New South Wales is the last remaining jurisdiction in Australia to include termination of pregnancy in its criminal code. This could change as soon as next week, giving more Australians more control over their reproductive health, and bringing legislation more closely in line with community standards and actual practice.
View from my extremely poor vantage point outside NSW Parliament House, at a rally to support decriminalising abortion on 6th August 2019.
What's the problem?
"Unlawful" abortion is a crime in NSW, and what makes an abortion unlawful is unclear. Termination of pregnancy can be legally sanctioned by a doctor thanks to case law, but this situation invites uncertainty and stigma. Abortion laws are inconsistent around the country, but are moving towards treating abortion as a medical matter rather than a criminal matter.
Recent history of abortion law in NSW
A 2017 bill to decriminalise abortion in NSW failed; notably, it provided no framework for legal abortion. While full decriminalisation with no restrictions provides the greatest freedom in theory, it can be associated with unexpected restrictions in practice. For example, abortion law is most permissive in the Australian Capital Territory, but Canberra Hospital requires a hospital ethics board to approve abortions performed after the 20th week of pregnancy.
Momentum for reform is strong: in 2018, Queensland became the latest state to remove abortion from its Criminal Code and NSW gained 150-metre safe access zones around clinics.
Australia is on the verge of decriminalising abortion nation-wide
A new bill to decriminalise abortion and provide a similar legal framework to Queensland and Victoria is currently being considered by the NSW parliament. The bill would remove abortion from the criminal code, and legalise abortion by a medical professional up to the 22nd week of pregnancy. Abortion after 22 weeks would need the approval of two doctors (one of them an obstetrician).
An unprecedented 15 MPs (including Health Minister Brad Hazzard) co-sponsored the bill. They've been accused of rushing it through parliament, when in fact support for the current bill has been steadily building since the defeat of the 2017 bill, and it was the bill's opponents who proposed last-minute amendments to maintain tighter restrictions on abortion.
The bill has been passed by the Legislative Assembly with some, but not all, of those amendments. The Legislative Council will review and vote on the bill in the coming weeks.
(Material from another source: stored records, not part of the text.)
Inductive Der (n : nat) (A : fset) : form -> Prop :=
| Der_hyp : forall a, A a -> Der n A a
| Der_thm : forall a, ML n a -> Der n A a
| Der_mp : forall a b, Der n A (Imp a b) -> Der n A a -> Der n A b.

Definition add (A : fset) (a : form) : fset := fun x => A x \/ x = a.

Ltac hyp := apply Der_hyp; unfold add; tauto.

Lemma Der_mono n (A B : fset) phi : incl A B -> Der n A phi -> Der n B phi.
Proof.
  intros H D; induction D.
  - apply Der_hyp; auto.
  - apply Der_thm; auto.
  - eapply Der_mp; eauto.
Qed.

Lemma Der_imp_refl n A a : Der n A (Imp a a).
Proof.
  apply Der_thm. eapply r_MP; [eapply r_MP; [apply (ax_S n a (Imp a a) a) | apply ax_K] | apply ax_K].
Qed.

Lemma Der_weaken n A a b : Der n A a -> Der n A (Imp b a).
Proof. intro H. eapply Der_mp; [apply Der_thm, ax_K | exact H]. Qed.

Lemma Der_deduction n A a b : Der n (add A a) b -> Der n A (Imp a b).
Proof.
  intro D; induction D as [x Hx|x Hx|x y _ IH1 _ IH2].
  - destruct Hx as [Hx| ->]; [apply Der_weaken, Der_hyp, Hx | apply Der_imp_refl].
  - apply Der_weaken, Der_thm, Hx.
  - eapply Der_mp; [eapply Der_mp; [apply Der_thm, ax_S | exact IH1] | exact IH2].
Qed.

Lemma Der_cut n A a b : Der n A a -> Der n (add A a) b -> Der n A b.
Proof. intros H1 H2. eapply Der_mp; [apply Der_deduction, H2 | exact H1]. Qed.

Lemma ML_of_Der_empty n phi : Der n (fun _ => False) phi -> ML n phi.
Proof. intro D; induction D; [contradiction | auto | eapply r_MP; eauto]. Qed.

Lemma Der_andI n A a b : Der n A a -> Der n A b -> Der n A (And a b).
Proof. intros. eapply Der_mp; [eapply Der_mp; [apply Der_thm, ax_A3|]|]; eauto. Qed.

Lemma Der_andE1 n A a b : Der n A (And a b) -> Der n A a.
Proof. intros. eapply Der_mp; [apply Der_thm, ax_A1|]; eauto. Qed.

Lemma Der_andE2 n A a b : Der n A (And a b) -> Der n A b.
Proof. intros. eapply Der_mp; [apply Der_thm, ax_A2|]; eauto. Qed.

Lemma Der_orI1 n A a b : Der n A a -> Der n A (Or a b).
Proof. intros. eapply Der_mp; [apply Der_thm, ax_O1|]; eauto. Qed.

Lemma Der_orI2 n A a b : Der n A b -> Der n A (Or a b).
Proof. intros. eapply Der_mp; [apply Der_thm, ax_O2|]; eauto. Qed.

Lemma Der_orE n A a b c :
  Der n A (Or a b) -> Der n (add A a) c -> Der n (add A b) c -> Der n A c.
Proof.
  intros H H1 H2. eapply Der_mp; [|exact H].
  eapply Der_mp; [eapply Der_mp; [apply Der_thm, ax_O3 | apply Der_deduction, H1] |].
  apply Der_deduction, H2.
Qed.

Lemma Der_efq n A a : Der n A Bot -> Der n A a.
Proof. intros. eapply Der_mp; [apply Der_thm, ax_EFQ|]; eauto. Qed.
Lemma parseval_orthogonal (n : nat) (e : nat -> nat -> R) (c : nat -> R) (a b : nat -> R) :
  (forall i, (i < n)%nat -> 0 < c i) ->
  (forall i j, (i < n)%nat -> (j < n)%nat ->
     sumR n (fun k => e i k * e j k) = if Nat.eqb i j then c i else 0) ->
  sumR n (fun k => a k * b k) =
  sumR n (fun i => sumR n (fun k => a k * e i k) * sumR n (fun k => b k * e i k) / c i).
Proof.
intros c_pos e_orthogonal.
assert (sqrt_c_pos : forall i, (i < n)%nat -> 0 < sqrt (c i)) by (intros; apply sqrt_lt_R0; auto).
assert (sqrt_c_sqr : forall i, (i < n)%nat -> sqrt (c i) * sqrt (c i) = c i)
  by (intros i Hi; apply sqrt_sqrt, Rlt_le, c_pos, Hi).
assert (dot_normalized : forall f i, (i < n)%nat ->
          sumR n (fun k => f k * (e i k / sqrt (c i)))
          = sumR n (fun k => f k * e i k) / sqrt (c i)).
{ intros f i Hi. rewrite <- sumR_div by (apply Rgt_not_eq, sqrt_c_pos, Hi).
  apply sumR_ext; intros k _; field; apply Rgt_not_eq, sqrt_c_pos, Hi. }
rewrite (OrthonormalBasis.parseval n (fun i k => e i k / sqrt (c i))).
- apply sumR_ext; intros i Hi.
  rewrite !dot_normalized by exact Hi.
  specialize (sqrt_c_pos i Hi). specialize (sqrt_c_sqr i Hi).
  set (r := sqrt (c i)) in *. rewrite <- sqrt_c_sqr. field. lra.
- intros i j Hi Hj.
  specialize (sqrt_c_pos i Hi) as ri_pos. specialize (sqrt_c_pos j Hj) as rj_pos.
  rewrite dot_normalized by exact Hj.
  rewrite (sumR_ext n _ (fun k => e i k * e j k / sqrt (c i))) by (intros; field; lra).
  rewrite sumR_div, e_orthogonal by (auto; lra).
  destruct (Nat.eqb_spec i j) as [<-|_]; [|field; lra].
  rewrite <- (sqrt_c_sqr i Hi) at 1. field. lra.
Qed.

Definition ex_partials (f : R -> R -> R) (u v : R) : Prop :=
  ex_derive (fun t => f t v) u /\ ex_derive (fun t => f u t) v.

Definition ex_partialsV (n : nat) (A : VecFun) (u v : R) : Prop :=
  forall k, (k < n)%nat -> ex_partials (A k) u v.
(* Let $X$ be a stacked simplicial complex of dimension $d$, and let $h,k$ be faces of $X$ whose union $h\cup k$ is not contained in any codimension one face. Then there exists a unique path between $h$ and $k$.
   Context: A simplicial complex $X$ on a finite vertex set $V$ is a family of subsets (faces) of $V$ closed under taking subsets, every element of $V$ lying in some face; facets are inclusion-maximal faces. $X$ is pure of dimension $d$ if every facet has $d+1$ elements; a codimension one face is a face with $d$ elements. $X$ is stacked if it is pure of some dimension $d$ and its facets can be ordered $F_0,F_1,\dots,F_k$ (a stacking order) such that for each $p\ge 1$, $F_p$ contains exactly one vertex $v_p$ not in $F_0\cup\dots\cup F_{p-1}$ (called the free vertex of $F_p$), and $F_p\setminus\{v_p\}\subseteq F_j$ for some $j<p$. A walk is a sequence of facets $f_1,\dots,f_p$ ($p\ge 1$) such that each $f_i\cap f_{i+1}$ has exactly $d$ elements; a path is a walk in which the faces $f_i\cap f_{i+1}$, $1\le i<p$, are pairwise distinct. For faces $h,k$ such that $h\cup k$ is not contained in any codimension one face, a path between $h$ and $k$, written $h\,|\,f_1,\dots,f_p\,|\,k$, is a path $f_1,\dots,f_p$ with $h\subseteq f_1$, $k\subseteq f_p$, and, if $p\ge 2$, $h\not\subseteq f_1\cap f_2$ and $k\not\subseteq f_p\cap f_{p-1}$. *)

From mathcomp Require Import all_boot.
Set Implicit Arguments. Unset Strict Implicit. Unset Printing Implicit Defensive.

Section Simplicial.
Variable V : finType.
Implicit Types (X : {set {set V}}) (F G h k : {set V}) (s : seq {set V}).

Definition simplicial_complex X : Prop :=
  (forall F G, F \in X -> G \subset F -> G \in X) /\
  (forall v : V, exists F, F \in X /\ v \in F).

Definition facet X F : bool :=
  (F \in X) && [forall G in X, (F \subset G) ==> (G == F)].

Definition pure X (d : nat) : Prop :=
  forall F, facet X F -> #|F| = d.+1.

Definition codim1_face X (d : nat) F : bool := (F \in X) && (#|F| == d).

Definition stacking_order X s : Prop :=
  s != [::] /\ uniq s /\ (forall F, F \in s = facet X F) /\
  forall p, 0 < p < size s ->
    exists v : V,
      [set x in nth set0 s p | x \notin \bigcup_(j < p) nth set0 s j] = [set v] /\
      exists2 j, j < p & nth set0 s p :\ v \subset nth set0 s j.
Broad support, surprising detractors
Former Minister for Women Tanya Davies voted against the bill. This is perhaps unsurprising, given her opposition to safe access zones). So too did Dr Joe McGirr, apparently because the bill requires a doctor who has a conscientious objection to abortion to refer a patient seeking an abortion to another doctor. In Dr McGirr's words, "It is not clear why that has to take place if there is no health issue at stake".
Doctor, it is a health issue whenever someone is pregnant and wishes not to be.
Decriminalisation of abortion is in sight; we are nearing a hard-won victory after a long battle. The Twitter hashtag #ArrestUs highlights the experiences of dozens of individuals who have sought and had abortions in decades past.
What Would the Science Party Do?
Given Premier Gladys Berejiklian's previous statements that the NSW government supports the "status quo" in relation to abortion law, I appreciate her support for this bill, at odds with conservative voices in the Liberal and National Parties.
The bill, including the ability for doctors to exercise conscientious objection, is well-aligned with the Science Party's policy position and we hope for it to pass the NSW upper house to become law.
The continuing challenge is to ensure practical access to abortion for all Australians who choose one.
Andrea Leong is the leader of the Science Party and an executive member of the NSW state branch.